The mothers in the observation group exhibited significantly higher NLR, MLR, SII, SIRI, and PIV levels compared to those in the control group (p < 0.05), while no statistical difference was observed in PLR between the two groups (Table 2).

3.3. Comparison of Systemic Inflammatory Indicators of the Neonates between the Two Groups

No statistically significant differences were found in the NLR, PLR, MLR, SII, SIRI, or PIV between the pneumonia and control groups (Table 3).

3.4. The Effect of Systemic Inflammatory Indicators of the Mothers before Delivery on Predicting Congenital Pneumonia in the Neonates

We compared the ROC curves of the systemic inflammatory indicators of the mothers before delivery and observed that prepartum NLR had the highest predictive power for congenital pneumonia in newborns, with an AUC of 0.830, the optimal cutoff value at this time was 4.368, the sensitivity was 63.0%, and the specificity was 92.3% (Figure 1, Table 4).

3.5. Constructing a Predictive Model for Neonatal Pneumonia Using a Combination of Indicators and Logistic Regression

A prediction model for neonatal pneumonia was constructed by combining five maternal systemic inflammatory indicators of mothers before delivery (NLR, MLR, SII, SIRI, and PIV) with logistic regression (Figure 2), with an AUC of 0.837 (p < 0.001) and a 95% CI of 0.756–0.917. The maximum value of Youden’s J statistic was 0.65; furthermore, the optimal cutoff value at this time was 0.369, the sensitivity was 80.4%, and the specificity was 84.6%.
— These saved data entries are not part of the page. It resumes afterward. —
Lemma bounded_normr_le (A : set V) : bounded_set A ->
  exists B, 0 <= B /\ forall x, A x -> `|x| <= B.
Proof.
move=> [B [B_real hB]]; exists (`|B| + 1); split; first by rewrite addr_ge0.
move=> x Ax; apply: (hB (`|B| + 1)) => //.
by apply: (le_lt_trans (real_ler_norm B_real)); rewrite ltrDl.
Qed.

End Limits.

Lemma finite_family_normr_le (R : realType) (n p : nat) (W : nat -> set 'cV[R]_n) :
  (forall l, (1 <= l <= p)%N -> finite_set (W l)) ->
  exists B, 0 <= B /\ forall l x, (1 <= l <= p)%N -> W l x -> `|x| <= B.
Proof.
move=> W_fin; set L := [set l | (1 <= l <= p)%N].
have L_fin : finite_set L.
  by apply: sub_finite_set (finite_II p.+1) => l /andP[_ lp]; rewrite /= ltnS.
have /finite_compact/compact_bounded := bigcup_finite L_fin W_fin.
move=> /bounded_normr_le[B [B_ge0 hB]]; exists B; split=> // l x hl Wx.
by apply: hB; exists l.
Qed.

Lemma mulmx_exprD (R : pzRingType) (n : nat) (M : 'M[R]_n) a b :
  M ^+ a *m M ^+ b = M ^+ (a + b).
Proof. by rewrite exprD. Qed.

Section IfsMap.
Variables (R : realType) (n : nat) (M : 'M[R]_n) (p : nat).
Local Notation Mi := (invmx M).
Implicit Types u v : nat -> 'cV[R]_n.

Definition ifs_map u v (x : 'cV[R]_n) : 'cV[R]_n :=
  Mi ^+ p *m (x + \sum_(1 <= l < p.+1) (M ^+ (p - l) *m u l + Mi ^+ l *m v l)).

Definition admissible (U V : nat -> set 'cV[R]_n) u v :=
  forall l, (1 <= l <= p)%N -> U l (u l) /\ V l (v l).

Hypothesis M_unit : M \in unitmx.

Lemma expmx_invmx_mul m : Mi ^+ m *m M ^+ m = 1%:M.
Proof.
elim: m => [|m IH]; first by rewrite !expr0 mul1mx.
rewrite exprSr exprS mulmxE -mulrA (mulrA Mi) -mulmxE (mulVmx M_unit).
by rewrite mulmxE idmxE mul1r -mulmxE.
Qed.

Lemma ifs_mapE u v x : ifs_map u v x = Mi ^+ p *m x +
  (\sum_(1 <= l < p.+1) Mi ^+ l *m u l + \sum_(1 <= l < p.+1) Mi ^+ (p + l) *m v l).
Proof.
rewrite /ifs_map mulmxDr mulmx_sumr -big_split /=; congr (_ + _).
rewrite big_nat_cond [RHS]big_nat_cond; apply: eq_bigr => l /andP[/andP[_ lp] _].
rewrite ltnS in lp; rewrite mulmxDr !mulmxA mulmx_exprD; congr (_ *m _ + _).
by rewrite -{1}(subnKC lp) exprD -mulmxE -mulmxA expmx_invmx_mul mulmx1.
Qed.

Lemma ifs_map_comp a b c d x : ifs_map a b (ifs_map c d x) = Mi ^+ (p + p) *m x +
  (\sum_(1 <= l < p.+1) Mi ^+ l *m a l +
   \sum_(1 <= l < p.+1) Mi ^+ (p + l) *m (c l + b l) +
   \sum_(1 <= l < p.+1) Mi ^+ (p + p + l) *m d l).
Proof.
rewrite ifs_mapE (ifs_mapE c) mulmxDr mulmxA mulmx_exprD mulmxDr !mulmx_sumr.
under [\sum_(1 <= l < p.+1) Mi ^+ p *m (Mi ^+ l *m c l)]eq_bigr do
  rewrite mulmxA mulmx_exprD.
under [\sum_(1 <= l < p.+1) Mi ^+ p *m (Mi ^+ (p + l) *m d l)]eq_bigr do
  rewrite mulmxA mulmx_exprD addnA.
under [\sum_(1 <= l < p.+1) Mi ^+ (p + l) *m (c l + b l)]eq_bigr do
  rewrite mulmxDr.
rewrite big_split /= -!addrA; congr (_ + _); rewrite [RHS]addrCA; congr (_ + _).
by rewrite [LHS]addrC [RHS]addrA.
Qed.

Lemma ifs_map_comp_eq a b c d a' b' c' x :
  (forall l, (1 <= l <= p)%N -> a l = a' l /\ c l + b l = c' l + b' l) ->
  ifs_map a b (ifs_map c d x) = ifs_map a' b' (ifs_map c' d x).
Proof.
move=> eq_ab; rewrite !ifs_map_comp; congr (_ + (_ + _ + _));
  by apply: eq_big_nat => l /eq_ab[ea eb]; rewrite ?ea ?eb.
Qed.

End IfsMap.

Lemma thm_ifsP (R : realType) (n : nat) (A : 'M[int]_n) p (U V : nat -> set 'cV[R]_n) f :
  thm_ifs A p U V f <->
  exists u v, admissible p U V u v /\ f = ifs_map (matR R A) p u v.
Proof. by []. Qed.

Section Coding.
Variables (R : realType) (n : nat) (M : 'M[R]_n) (p : nat).
Hypothesis M_unit : M \in unitmx.
Hypothesis p_gt0 : (0 < p)%N.
Local Notation Mi := (invmx M).
Variables (uu vv : nat -> nat -> 'cV[R]_n) (ys : nat -> 'cV[R]_n).

Definition ifs_coding (U V : nat -> set 'cV[R]_n) :=
  (forall k, admissible p U V (uu k) (vv k)) /\
  (forall k, ys k = ifs_map M p (uu k) (vv k) (ys k.+1)).

(* Unfolding [ys 0 = f_0 (f_1 (...))] with [f_k = ifs_map M p (uu k) (vv k)],
   the digit at position [k * p + l] is [uu k l + vv (k - 1) l], the [v]-part
   of [f_(k-1)] landing one block further than its [u]-part. *)
Definition carry k : nat -> 'cV[R]_n := if k is k'.+1 then vv k' else fun=> 0.

Definition digit j := uu (j.-1 %/ p) (j.-1 %% p).+1 + carry (j.-1 %/ p) (j.-1 %% p).+1.

Definition digit_sum N := \sum_(1 <= j < N) Mi ^+ j *m digit j.

Definition coding_tail k := \sum_(1 <= l < p.+1) Mi ^+ l *m carry k l + ys k.

Lemma digit_block k l : (1 <= l <= p)%N -> digit (k * p + l) = uu k l + carry k l.
Proof.
case/andP=> l_gt0 lp; have e : (k * p + l).-1 = (k * p + l.-1)%N.
  by rewrite -(prednK l_gt0) addnS.
have lp' : (l.-1 < p)%N by rewrite prednK.
by rewrite /digit e divnMDl // divn_small // addn0 modnMDl modn_small // prednK.
Qed.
3.6. Correlation between Maternal Systemic Inflammatory Indicators before Delivery and the Severity of Congenital Pneumonia in Newborns

The predicted probability was divided into two groups: predicted probability < 0.369 and predicted probability > 0.369. Children with a high predicted probability have longer hospital stays, as well as a higher likelihood of antibiotic use and oxygen demand (p < 0.05, Table 5).

4. Discussion

This retrospective study analyzed 46 full-term neonates with congenital pneumonia and 65 full-term control neonates. We found a low one-minute Apgar score in the pneumonia group compared to the control group, consistent with the findings of Taiorazova et al. [2]. Furthermore, the maternal systemic inflammatory indicators before delivery were able to predict congenital pneumonia. Areas under ROC curves for prepartum NLR, MLR, SII, SIRI, and PIV were 0.830, 0.727, 0.677, 0.742, and 0.651, respectively. The sensitivity was 0.630, 0.543, 0.674, 0.435, and 0.565, respectively, and the specificity was 0.923, 0.862, 0.600, 0.969, and 0.692. The AUC of the neonatal pneumonia prediction model constructed using logistic regression was 0.837, the sensitivity was 80.4%, and the specificity was 84.6%, which were better than the prediction using any of the five maternal systemic inflammatory indicators of mothers before delivery alone.

Maternal blood indicators play a crucial role in predicting neonatal diseases. For instance, SII and SIRI values have been utilized alongside clinical findings to predict adverse perinatal outcomes in mothers with coronavirus disease 2019 [12]. In mothers with preeclampsia, there exists a moderate negative correlation between PLR and adverse neonatal outcomes [13]. Maternal SII levels with histological choriomyomatosis correlate with NICU admission rates [14]. Comparatively, mothers of fetuses with ventriculomegaly exhibit higher white blood cell (WBC), and N, M, P, and NLR levels. Multivariate logistic regression analysis suggests that N can serve as a marker for predicting fetal ventriculomegaly. Additionally, ROC curve analysis indicates that maternal WBC and N may possess diagnostic significance in this context [15]. Moreover, higher NLR values in mothers are associated with an increased likelihood of premature births [16,17]. In this study, maternal NLR, MLR, SII, SIRI, and PIV were higher before delivery in the pneumonia group compared to the control group. This suggests that maternal systemic inflammatory indicators before delivery can serve as biomarkers for diagnosing congenital pneumonia.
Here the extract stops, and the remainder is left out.